First, we want to assess what types of firms make up the business population in 2023. Big or small, young or old. Which types of firms contribute the most to economic activity?

How has this changed over the last 20 years? Can we learn anything about structural change in the economy?

**Overall section findings**

In [None]:
# BSD facts - how has the total number of firms, employment and turnover changed over time?

total_population_df = population_df[population_df['Dimension']=='Total']
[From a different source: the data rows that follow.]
(* For a twisted $n$-gon with corner invariants $(x_0,\dots,x_{2n-1})$ define $$\mathcal{F}_1=\prod_{i=0}^{n-1}\frac{x_{2i}}{x_{2i}-1},\quad \mathcal{F}_2=\prod_{i=0}^{n-1}\frac{x_{2i+1}}{x_{2i+1}-1},\quad \mathcal{F}_3=\prod_{i=0}^{n-1}\frac{x_{2i}}{x_{2i+1}},\quad \mathcal{F}_4=\prod_{i=0}^{n-1}\frac{1-x_{2i}}{1-x_{2i+1}}.$$ Each $\mathcal{F}_j$ ($j=1,2,3,4$) is invariant under $T_3$ (and hence under $T_3^{-1}$): if $[P]$ and $T_3[P]$ are defined and $\mathcal{F}_j$ is defined (finite, with nonzero denominators) at both, then $\mathcal{F}_j(T_3[P])=\mathcal{F}_j([P])$. Equivalently, each $\mathcal{F}_j$ is invariant under the rational map $x\mapsto x'$ given by $x'_{2i}=x_{2i-2}\frac{x_{2i-4}+x_{2i-1}-1}{x_{2i-2}x_{2i-1}-(1-x_{2i+1})(1-x_{2i-4})}$, $x'_{2i+1}=x_{2i+3}\frac{x_{2i+2}+x_{2i+5}-1}{x_{2i+2}x_{2i+3}-(1-x_{2i+5})(1-x_{2i})}$ (indices mod $2n$).
   Context: A twisted $n$-gon is a map $P:\mathbb{Z}\to\mathbb{RP}^2$ with every three consecutive points non-collinear and $P_{i+n}=M(P_i)$ for a fixed $M\in\mathrm{PGL}_3(\mathbb{R})$; $\mathcal{P}_n$ is the set of classes modulo projective equivalence. $T_3$ maps a $3$-nice ($P_i,P_{i+1},P_{i+3},P_{i+4}$ in general position for all $i$) twisted $n$-gon $P$ to $P'$ with $P'_i=P_iP_{i+3}\cap P_{i+1}P_{i+4}$; relabelling indices does not change the $\mathcal{F}_j$. Inverse cross ratio: for four collinear points $A,B,C,D$, map their line projectively to the $x$-axis with coordinates $a,b,c,d$ and set $\chi(A,B,C,D)=\frac{(a-b)(c-d)}{(a-c)(b-d)}$ (value in $\mathbb{R}\cup\{\infty\}$, projectively invariant). Corner invariants: $x_{2i}=\chi(P_{i-2},P_{i-1},P_{i-2}P_{i-1}\cap P_iP_{i+1},P_{i-2}P_{i-1}\cap P_{i+1}P_{i+2})$ and $x_{2i+1}=\chi(P_{i+2},P_{i+1},P_{i+2}P_{i+1}\cap P_iP_{i-1},P_{i+2}P_{i+1}\cap P_{i-1}P_{i-2})$, with $x_{j+2n}=x_j$. *)

(* Points of RP^2 are represented by homogeneous coordinate
   column vectors in R^3 (nonzero vectors; all notions below are invariant
   under rescaling of representatives and under projective transformations). *)
From HB Require Import structures.
From mathcomp Require Import all_boot all_order all_algebra.
Set Implicit Arguments. Unset Strict Implicit. Unset Printing Implicit Defensive.
Import Order.TTheory GRing.Theory Num.Theory.
Local Open Scope ring_scope.
Lemma fat1_K : fat1 K = fX.
Proof.
by rewrite /K !(rmorphB, rmorphD, rmorphM, rmorphXn, rmorph1, rmorph_nat) /= fat1_fX fat1_fU; ring.
Qed.

(* [W = 0] is the closed form [F = N / S] and [E = 0] the one of [F(x,1)]. *)
Let S := 2%:R - T - 4%:R * fX * fU.
Let N := 2%:R - T - 2%:R * fX * fU - fX * fU * T.
Let W := S * F - N.
Let E := 2%:R * C - 2%:R - T.

Lemma fat1_E : fat1 E = E.
Proof. by rewrite /E !rmorphB rmorphM rmorph_nat rmorph1 /= /C fat1_id fat1_fX fat1_Q. Qed.

Lemma coef0_S : S 0%N = 2%:R.
Proof.
have -> : S = 2%:R - T - fX * (4%:R * fU) by rewrite /S; ring.
by rewrite !series_coefB coef_fXM /T !series_coefB series_coef_nat series_coef1 Q0 /fX /=; ring.
Qed.

Lemma kernel_eqW : 2%:R * K * W = fX * fU ^+ 2 * S * E.
Proof.
transitivity (2%:R * S * (K * F - (1 - fU + fX * fU ^+ 2 * C))
  - fX * fU ^+ 2 * (T * T - (2%:R * (1 - fX) * T - 4%:R * fX)) + fX * fU ^+ 2 * S * E).
  by rewrite /W /S /N /E /K; ring.
by rewrite kernel_eqF T_sqr !subrr !mulr0 subr0 add0r.
Qed.
(* Let $n\ge1$, $m=2^n$, and let $\mathcal{B}$ be a nontrivial boolean algebra. The number of ordered pairs $(A_1,A_2)$ of subsets of $\{0,1\}^n$ such that the algebraic sets $V_{\mathcal{B}}(S_{A_1})$ and $V_{\mathcal{B}}(S_{A_2})$ are isomorphic equals $\binom{2m}{m}$. Hence the proportion of such pairs among all $4^m$ ordered pairs is $\binom{2m}{m}/4^m$, which is asymptotically equal to $\frac{1}{\sqrt{\pi m}}$ as $n\to\infty$.
   Context: Boolean algebras are in the language $\{\vee,\cdot,\bar{\ },0,1\}$. Orthogonal variables: $Z=\{z_\alpha:\alpha\in\{0,1\}^n\}$, $|Z|=m=2^n$. For $A\subseteq\{0,1\}^n$ the orthogonal system is $$S_A=\{z_\alpha=0\mid\alpha\in A\}\cup\{z_\alpha z_\beta=0\mid \alpha\ne\beta\}\cup\{\textstyle\bigvee_{\alpha}z_\alpha=1\},$$ and $V_{\mathcal{B}}(S)$ is its solution set over $\mathcal{B}$. For an algebraic set $Y$, $t\sim_Y s$ on terms iff $t(P)=s(P)$ for all $P\in Y$; the quotient is the coordinate algebra $\Gamma_{\mathcal{B}}(Y)$. Two algebraic sets are isomorphic if their coordinate algebras are isomorphic as boolean algebras. *)

From HB Require Import structures.
From mathcomp Require Import all_boot all_order.
From Stdlib Require Import Reals.
Set Implicit Arguments. Unset Strict Implicit. Unset Printing Implicit Defensive.
Import Order.TTheory.
Local Open Scope order_scope.

Definition bvec (n : nat) := {ffun 'I_n -> bool}.

Inductive term (V : Type) : Type :=
  | TVar of V
  | TJoin of term V & term V
  | TMeet of term V & term V
  | TCompl of term V
  | TZero
  | TOne.
Arguments TZero {V}.
Arguments TOne {V}.

Section Eval.
Context {disp : Order.disp_t} (B : ctbDistrLatticeType disp) {V : Type}.

Fixpoint teval (P : V -> B) (t : term V) : B :=
  match t with
  | TVar v => P v
  | TJoin t1 t2 => teval P t1 `|` teval P t2
  | TMeet t1 t2 => teval P t1 `&` teval P t2
  | TCompl t1 => ~` teval P t1
  | TZero => \bot
  | TOne => \top
  end.

Definition solset (S : term V * term V -> Prop) : (V -> B) -> Prop :=
  fun P => forall e, S e -> teval P e.1 = teval P e.2.

Definition tequiv (Y : (V -> B) -> Prop) (t s : term V) : Prop :=
  forall P, Y P -> teval P t = teval P s.

(* Isomorphism of the coordinate algebras Gamma_B(Y1) = term/~_Y1 and
   Gamma_B(Y2) = term/~_Y2, expressed without forming the quotients:
   a map of representatives F inducing a well-defined boolean-algebra
   homomorphism Gamma(Y1) -> Gamma(Y2), with a two-sided inverse induced by G. *)
Definition coord_iso (Y1 Y2 : (V -> B) -> Prop) : Prop :=
  exists (F G : term V -> term V),
    (forall t s, tequiv Y1 t s -> tequiv Y2 (F t) (F s))
    /\ (forall t s, tequiv Y2 (F (TJoin t s)) (TJoin (F t) (F s)))
    /\ (forall t s, tequiv Y2 (F (TMeet t s)) (TMeet (F t) (F s)))
    /\ (forall t, tequiv Y2 (F (TCompl t)) (TCompl (F t)))
    /\ tequiv Y2 (F TZero) TZero
    /\ tequiv Y2 (F TOne) TOne
    /\ (forall t s, tequiv Y2 t s -> tequiv Y1 (G t) (G s))
    /\ (forall t, tequiv Y1 (G (F t)) t)
    /\ (forall s, tequiv Y2 (F (G s)) s).
End Eval.
Lemma Kpt_segment p v u (c r : R) : 0 < c -> 1 <= dot u u ->
  exists s t : R, [/\ 0 < s, 0 < t,
    zcomb (t / (s + t)) (Kpt p (v + s *: u)) (Kpt p (v - t *: u)) =
      zpoint p v (c *: (u *m u^T)) ((c * r) *: u) &
    forall x, x \in [:: v + s *: u; v - t *: u] ->
      ekin x <= 9 * dot v v + 8 * r ^+ 2 + 2 * c * dot u u].
Proof.
move=> c_gt0 u_ge1; have U_neq0 : dot u u != 0 by rewrite gt_eqF // (lt_le_trans ltr01).
have [s [t [s_gt0 t_gt0 st_c st_d]]] :=
  exists_pos_prod_diff (2 * (r - dot u v) / dot u u) c_gt0.
have st_eq : (s - t) * dot u u = 2 * (r - dot u v) by rewrite st_d divfK.
exists s, t; split => //.
  rewrite zcomb_Kpt_segment ?addr_gt0 // st_c; congr (zpoint _ _ _ ((c * _) *: _)).
  by rewrite mulrAC st_eq; field.
move=> x; have /= := ekin_segment_le s_gt0 t_gt0 u_ge1 st_eq.
by rewrite st_c !inE => -[le_s le_t] /orP[] /eqP ->.
Qed.

Lemma uniq_segment_ends v (k s1 t1 s2 t2 : R) : 0 < s1 -> 0 < t1 -> 0 < s2 -> 0 < t2 ->
  uniq [:: v + s1 *: cV2 1 0; v - t1 *: cV2 1 0; v + s2 *: cV2 k 1; v - t2 *: cV2 k 1].
Proof.
move=> *; rewrite /= !inE !negb_or !andbT; repeat (apply/andP; split);
  apply/negP => /eqP /(congr1 (fun x : 'cV[R]_2 => (x 0 0, x 1 0))) [];
  by rewrite !mxE /= ?mulr1 ?mulr0 => *; lra.
Qed.

End Segments.

Section Admissible.
Variable R : realType.
Implicit Types (w : Zpt R) (u v x y n : 'cV[R]_2) (C : 'M[R]_2) (p eps : R).

Lemma zpoint_laminate p eps v C n : 0 < eps -> C 1 0 = C 0 1 -> 0 < C 1 1 -> 0 < \det C ->
  eps * `|n 1 0| < C 1 1 -> eps * `|n 0 0 * C 1 1 - n 1 0 * C 0 1| < \det C ->
  exists al be x1 x2 x3 x4, [/\ 0 <= al <= 1, 0 <= be <= 1, uniq [:: x1; x2; x3; x4],
    zpoint p v C n = laminate al be (Kpt p x1) (Kpt p x2) (Kpt p x3) (Kpt p x4) &
    forall x, x \in [:: x1; x2; x3; x4] -> ekin x <= 9 * (dot v v + \tr C) + 8 / eps ^+ 2].
Proof.
move=> eps_gt0 Csym C11_gt0 det_gt0 lt_r lt_q.
(* [C = c1 e0 e0^T + C11 u u^T] and [n = c1 q e0 + C11 r u]. *)
set k := C 0 1 / C 1 1; set c1 := \det C / C 1 1.
set q := (n 0 0 * C 1 1 - n 1 0 * C 0 1) / \det C; set r := n 1 0 / C 1 1.
set e0 : 'cV[R]_2 := cV2 1 0; set u : 'cV[R]_2 := cV2 k 1.
have C11_neq0 : C 1 1 != 0 by rewrite gt_eqF.
have c1E : c1 = C 0 0 - C 0 1 ^+ 2 / C 1 1 by rewrite /c1 det_mx22 Csym; field.
have C01_le : C 0 1 ^+ 2 / C 1 1 <= C 0 0.
  by rewrite ler_pdivrMr //; move: det_gt0; rewrite det_mx22 Csym; nra.
have C01_ge0 : 0 <= C 0 1 ^+ 2 / C 1 1 by rewrite divr_ge0 ?sqr_ge0 ?ltW.
have c1_gt0 : 0 < c1 by apply: divr_gt0.
have e0_ge1 : 1 <= dot e0 e0 by rewrite dotE !(cV2E0, cV2E1); lra.
have uE : dot u u = 1 + C 0 1 ^+ 2 / C 1 1 / C 1 1.
  by rewrite dotE !(cV2E0, cV2E1) /k; field.
have u_ge1 : 1 <= dot u u.
  rewrite uE lerDl; apply: divr_ge0 (ltW C11_gt0).
  exact: divr_ge0 (sqr_ge0 _) (ltW C11_gt0).
have [s1 [t1 [s1_gt0 t1_gt0 seg1 ekin1]]] :=
  Kpt_segment p v q (mulr_gt0 (ltr0n _ 2) c1_gt0) e0_ge1.
have [s2 [t2 [s2_gt0 t2_gt0 seg2 ekin2]]] :=
  Kpt_segment p v r (mulr_gt0 (ltr0n _ 2) C11_gt0) u_ge1.
exists (t1 / (s1 + t1)), (t2 / (s2 + t2)), (v + s1 *: e0), (v - t1 *: e0),
  (v + s2 *: u), (v - t2 *: u).
split; rewrite ?weight01 //.
- exact: uniq_segment_ends.
- have det_neq0 : \det C != 0 by rewrite gt_eqF.
  have det22_neq0 := det_neq0; rewrite det_mx22 in det22_neq0.
  rewrite laminateE seg1 seg2 zcomb_zpoint; congr zpoint.
  + by apply: M2P; rewrite !(mxE, big_ord1) /= /c1 /k det_mx22 ?Csym; field.
  + by apply: cV2P; rewrite !(mxE, big_ord1) /= /c1 /q /r /k;
      field; rewrite C11_neq0 det_neq0.
have q2 : q ^+ 2 <= 1 / eps ^+ 2 := sqr_div_le eps_gt0 det_gt0 lt_q.
have r2 : r ^+ 2 <= 1 / eps ^+ 2 := sqr_div_le eps_gt0 C11_gt0 lt_r.
have v_ge0 : 0 <= dot v v by rewrite dotE; nra.
have trC : \tr C = C 0 0 + C 1 1 by rewrite mxtrace2.
have e0E : dot e0 e0 = 1 by rewrite dotE !(cV2E0, cV2E1); ring.
have C11u : C 1 1 * dot u u = C 1 1 + C 0 1 ^+ 2 / C 1 1 by rewrite uE; field.
rewrite e0E mulr1 in ekin1; rewrite -!mulrA C11u in ekin2.
move=> x; rewrite !inE => /or4P[] /eqP ->.
- by apply: le_trans (ekin1 _ _) _; rewrite ?inE ?eqxx //; lra.
- by apply: le_trans (ekin1 _ _) _; rewrite ?inE ?eqxx ?orbT //; lra.
- by apply: le_trans (ekin2 _ _) _; rewrite ?inE ?eqxx //; lra.
- by apply: le_trans (ekin2 _ _) _; rewrite ?inE ?eqxx ?orbT //; lra.
Qed.

(* [cmx w] is positive definite and the coordinates [q], [r] of [mdev p w] in the
   decomposition used by [zpoint_laminate] are below [1 / eps] in absolute value. *)
Definition admissible p eps w :=
  [/\ 0 < cmx w 1 1, 0 < \det (cmx w), eps * `|mdev p w 1 0| < cmx w 1 1 &
      eps * `|mdev p w 0 0 * cmx w 1 1 - mdev p w 1 0 * cmx w 0 1| < \det (cmx w)].

Lemma admissible_Lambda_hull p eps g w : 0 < eps -> inZ w -> admissible p eps w ->
  18 * ze w + 8 / eps ^+ 2 <= g -> Lambda_hull (Kset p g) w.
Proof.
move=> eps_gt0 wZ [C11_gt0 det_gt0 lt_r lt_q] le_g.
have [al [be [x1 [x2 [x3 [x4 [al01 be01 xs_uniq w_eq ekin_le]]]]]]] :=
  zpoint_laminate p (zv w) eps_gt0 (cmx_sym wZ) C11_gt0 det_gt0 lt_r lt_q.
rewrite -(zpoint_cmx p wZ) in w_eq; rewrite mxtrace_cmx // in ekin_le.
split => // f fc.
have /hasP[x x_in le_fx] := Lambda_convex_laminate_Kpt p fc al01 be01 xs_uniq.
rewrite {1}w_eq; apply: (@le_trans _ _ (f (Kpt p x))%:E); first by rewrite lee_fin.
apply: ereal_sup_ubound; exists (Kpt p x) => //; apply: Kpt_Kset.
by have := ekin_le x x_in; lra.
Qed.

Lemma admissible_of_lambda_max p eps (z : Zpt R) : 0 < eps -> inZ z ->
  lambda_max (zv z *m (zv z)^T - zs z) + eps * enorm (mdev p z) < ze z ->
  admissible p eps z.
Proof.
move=> eps_gt0 zZ; set A := zv z *m (zv z)^T - zs z; set N := enorm (mdev p z) => lt_e.
have C_A i j : cmx z i j = ze z *+ (i == j) - A i j.
  by rewrite /cmx -/A [LHS]mxE [_%:M _ _]mxE [(- A) _ _]mxE.
have Asym : A 1 0 = A 0 1 by move: (cmx_sym zZ); rewrite !C_A /= => /subrI.
have top_le := lambda_max_sym2_ge Asym.
have [] := @sym2_top_lt _ (A 0 0) (A 0 1) (A 1 1) (ze z - eps * N) ltac:(lra).
have N_ge0 : 0 <= N := sqrtr_ge0 _.
have N2 : mdev p z 0 0 ^+ 2 + mdev p z 1 0 ^+ 2 = N ^+ 2.
  by rewrite sqr_sqrtr dotE -!expr2 // addr_ge0 ?sqr_ge0.
move=> lt00 lt11 lt01.
have [] := @pd_shift_bounds _ (cmx z 0 0) (cmx z 0 1) (cmx z 1 1) _ _ _ _ eps_gt0 N_ge0 N2.
- by rewrite C_A /=; lra.
- by rewrite C_A /=; lra.
- by rewrite !C_A /= sub0r sqrrN; lra.
by rewrite /admissible det_mx22 (cmx_sym zZ) -expr2.
Qed.

End Admissible.

(* [Zpt] carries no topology: as in [interiorZ], neighbourhoods are [zdist]-balls. *)
Definition zdist_nbhs (R : realType) (z : Zpt R) : set_system (Zpt R) :=
  filter_from [set r : R | 0 < r] (fun r => [set w | zdist z w < r]).

Instance zdist_nbhs_filter (R : realType) (z : Zpt R) : Filter (zdist_nbhs z).
Proof.
apply: filter_from_filter; first by exists 1; rewrite /= ltr01.
move=> r1 r2 r1_gt0 r2_gt0; exists (Num.min r1 r2); first by rewrite /= lt_min r1_gt0.
by move=> w /=; rewrite lt_min => /andP[].
Qed.

Section Openness.
Variable R : realType.
Implicit Types (z w : Zpt R) (p eps : R).

Lemma zdist_coord_le z w :
  [/\ forall i, `|zv z i 0 - zv w i 0| <= zdist z w,
      forall i, `|zm z i 0 - zm w i 0| <= zdist z w,
      forall i j, `|zs z i j - zs w i j| <= zdist z w &
      `|ze z - ze w| <= zdist z w].
Proof.
rewrite /zdist !dotE !sum2E !mxE -!expr2.
move: (sqr_ge0 (zv z 0 0 - zv w 0 0)) (sqr_ge0 (zv z 1 0 - zv w 1 0)).
move: (sqr_ge0 (zm z 0 0 - zm w 0 0)) (sqr_ge0 (zm z 1 0 - zm w 1 0)).
move: (sqr_ge0 (zs z 0 0 - zs w 0 0)) (sqr_ge0 (zs z 0 1 - zs w 0 1)).
move: (sqr_ge0 (zs z 1 0 - zs w 1 0)) (sqr_ge0 (zs z 1 1 - zs w 1 1)).
move: (sqr_ge0 (ze z - ze w)) => *.
split=> [i|i|i j|]; try elim/ord2P: i; try elim/ord2P: j;
  by apply: norm_le_of_sqr (sqrtr_ge0 _) _; rewrite sqr_sqrtr; lra.
Qed.

Lemma cvg_zdist (g : Zpt R -> R) z : (forall w, `|g z - g w| <= zdist z w) ->
  g w @[w --> zdist_nbhs z] --> g z.
Proof.
move=> g_le; apply/cvgrPdist_lt => e e_gt0; exists e => // w /=.
exact: le_lt_trans.
Qed.

Lemma cvg_zcoord z :
  [/\ forall i, zv w i 0 @[w --> zdist_nbhs z] --> zv z i 0,
      forall i, zm w i 0 @[w --> zdist_nbhs z] --> zm z i 0,
      forall i j, zs w i j @[w --> zdist_nbhs z] --> zs z i j &
      ze w @[w --> zdist_nbhs z] --> ze z].
Proof. by split=> *; apply: cvg_zdist => w; case: (zdist_coord_le z w). Qed.

Lemma cvg_cmx z i j : cmx w i j @[w --> zdist_nbhs z] --> cmx z i j.
Proof.
have [cvg_v _ cvg_s cvg_e] := cvg_zcoord z.
have cmxE w : cmx w i j = ze w *+ (i == j) - (zv w i 0 * zv w j 0 - zs w i j).
  by rewrite !mxE big_ord1 !mxE.
rewrite (funext cmxE) cmxE.
by apply: cvgB; [exact: cvgMn | apply: cvgB; [apply: cvgM |]].
Qed.

Lemma cvg_det_cmx z : \det (cmx w) @[w --> zdist_nbhs z] --> \det (cmx z).
Proof.
rewrite (funext (fun w => det_mx22 (cmx w))) det_mx22.
by apply: cvgB; apply: cvgM; apply: cvg_cmx.
Qed.

Lemma cvg_mdev p z i : mdev p w i 0 @[w --> zdist_nbhs z] --> mdev p z i 0.
Proof.
have [cvg_v cvg_m _ cvg_e] := cvg_zcoord z.
have mdevE w : mdev p w i 0 = zm w i 0 - (ze w + p) * zv w i 0 by rewrite !mxE.
rewrite (funext mdevE) mdevE.
by apply: cvgB => //; apply: cvgM => //; apply: cvgD => //; exact: cvg_cst.
Qed.

Lemma admissible_near p eps z : admissible p eps z ->
  \forall w \near zdist_nbhs z, admissible p eps w.
Proof.
move=> [C11_gt0 det_gt0 lt_r lt_q].
have cvg_r : (cmx w 1 1 - eps * `|mdev p w 1 0|) @[w --> zdist_nbhs z] -->
    cmx z 1 1 - eps * `|mdev p z 1 0|.
  apply: cvgB; [exact: cvg_cmx | apply: cvgM; [exact: cvg_cst | apply: cvg_norm]].
  exact: cvg_mdev.
have cvg_q : (\det (cmx w) - eps * `|mdev p w 0 0 * cmx w 1 1 - mdev p w 1 0 * cmx w 0 1|)
    @[w --> zdist_nbhs z] -->
    \det (cmx z) - eps * `|mdev p z 0 0 * cmx z 1 1 - mdev p z 1 0 * cmx z 0 1|.
  apply: cvgB; [exact: cvg_det_cmx | apply: cvgM; [exact: cvg_cst | apply: cvg_norm]].
  by apply: cvgB; apply: cvgM;
    [exact: cvg_mdev | exact: cvg_cmx | exact: cvg_mdev | exact: cvg_cmx].
near=> w; split;
  [near: w | near: w | rewrite -subr_gt0; near: w | rewrite -subr_gt0; near: w].
- exact: cvgr_gt _ (@cvg_cmx z 1 1) _ C11_gt0.
- exact: cvgr_gt _ (@cvg_det_cmx z) _ det_gt0.
- by apply: cvgr_gt _ cvg_r _ _; rewrite subr_gt0.
- by apply: cvgr_gt _ cvg_q _ _; rewrite subr_gt0.
Unshelve. all: end_near.
Qed.

End Openness.

Theorem proposition2p10 (R : realType) (eps : R) (heps : 0 < eps) :
  exists gamma : R -> R,
    (forall e : R, 0 < e -> 0 < gamma e) /\
    (forall e : R, 0 < e -> {for e, continuous gamma}) /\
    forall (p : R) (z : Zpt R), inZ z ->
      lambda_max (zv z *m (zv z)^T - zs z)
        + eps * enorm (zm z - (ze z + p) *: zv z) < ze z ->
      interiorZ (Lambda_hull (Kset p (gamma (ze z)))) z.
Proof.
have c_gt0 : 0 < 8 / eps ^+ 2 by rewrite divr_gt0 ?exprn_gt0.
exists (fun e => 18 * e + 18 + 8 / eps ^+ 2); split; first by move=> e e_gt0; lra.
split.
  move=> e _; apply: cvgD; last exact: cvg_cst.
  by apply: cvgD; [apply: cvgM; [exact: cvg_cst | exact: cvg_id] | exact: cvg_cst].
move=> p z zZ lt_e.
have zA := admissible_of_lambda_max heps zZ lt_e.
have [_ _ _ cvg_e] := cvg_zcoord z.
have [r r_gt0 near_z] : \forall w \near zdist_nbhs z, admissible p eps w /\ ze w < ze z + 1.
  near=> w; split; near: w; first exact: admissible_near.
  by apply: cvgr_lt cvg_e _ _; rewrite ltrDl.
split=> //; exists r; split=> // w wZ /near_z[wA ze_lt].
by apply: admissible_Lambda_hull heps wZ wA _; lra.
Unshelve. all: end_near.
Qed.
n_firm_chart = alt.Chart(total_population_df).mark_line().encode(
    x=alt.X('year:O', axis=alt.Axis(
                labelExpr="datum.value % 2 == 0 ? datum.label : ''",  # Show every 2nd year
            labelAngle=0)),
    y=alt.Y('n_firms:Q',title='Total number of firms in BSD', scale=alt.Scale(domainMin=1500000, domainMax=2500000),axis=alt.Axis(format=".2s"))
)

emp_chart = alt.Chart(total_population_df).mark_line().encode(
    x=alt.X('year:O', axis=alt.Axis(
                labelExpr="datum.value % 2 == 0 ? datum.label : ''",  # Show every 2nd year
            labelAngle=0)),
    y=alt.Y('employment:Q',title='Total employment in BSD', scale=alt.Scale(domainMin=15000000, domainMax=22000000), axis=alt.Axis(format=".2s"))
)

turnover_chart = alt.Chart(total_population_df).mark_line().encode(
    x=alt.X('year:O', axis=alt.Axis(
                labelExpr="datum.value % 2 == 0 ? datum.label : ''",  # Show every 2nd year
            labelAngle=0)),
    y=alt.Y('turnover:Q',title='Total turnover in BSD', scale=alt.Scale(domainMin=, domainMax=), axis=alt.Axis(format=".2s"))
)

productivity_chart = alt.Chart(total_population_df).mark_line().encode(
    x=alt.X('year:O', axis=alt.Axis(
                labelExpr="datum.value % 2 == 0 ? datum.label : ''",  # Show every 2nd year
            labelAngle=0)),
    y=alt.Y('turnover_per_employee:Q',title='Average turnover per employee in BSD', scale=alt.Scale(domainMin=0, domainMax=), axis=alt.Axis(format=".2s"))
)

basic_facts_chart = n_firm_chart | emp_chart | turnover_chart | productivity_chart

**Key Findings**
- The business population has expanded over the last 20 years, with substantial growth taking place between 2011 and 2018.

**Questions to explore**

### **Assessing the decline in business dynamism**
- Entry and exit rates
- Survival rates
- Growth rates
- Job reallocation rates



#### **2. Entry and exit rates**

This section examines firm entry and exit dynamics over time. Entry rates measure the flow of new firms into the market relative to the total population, while exit rates capture firms leaving the market. These metrics reveal the intensity of business turnover and provide insights into entrepreneurial activity, market competitiveness, and structural changes in the business environment.

**Headline findings**
- Entry and exit rates have remained relatively stable, there is no prominent decline unlike the US.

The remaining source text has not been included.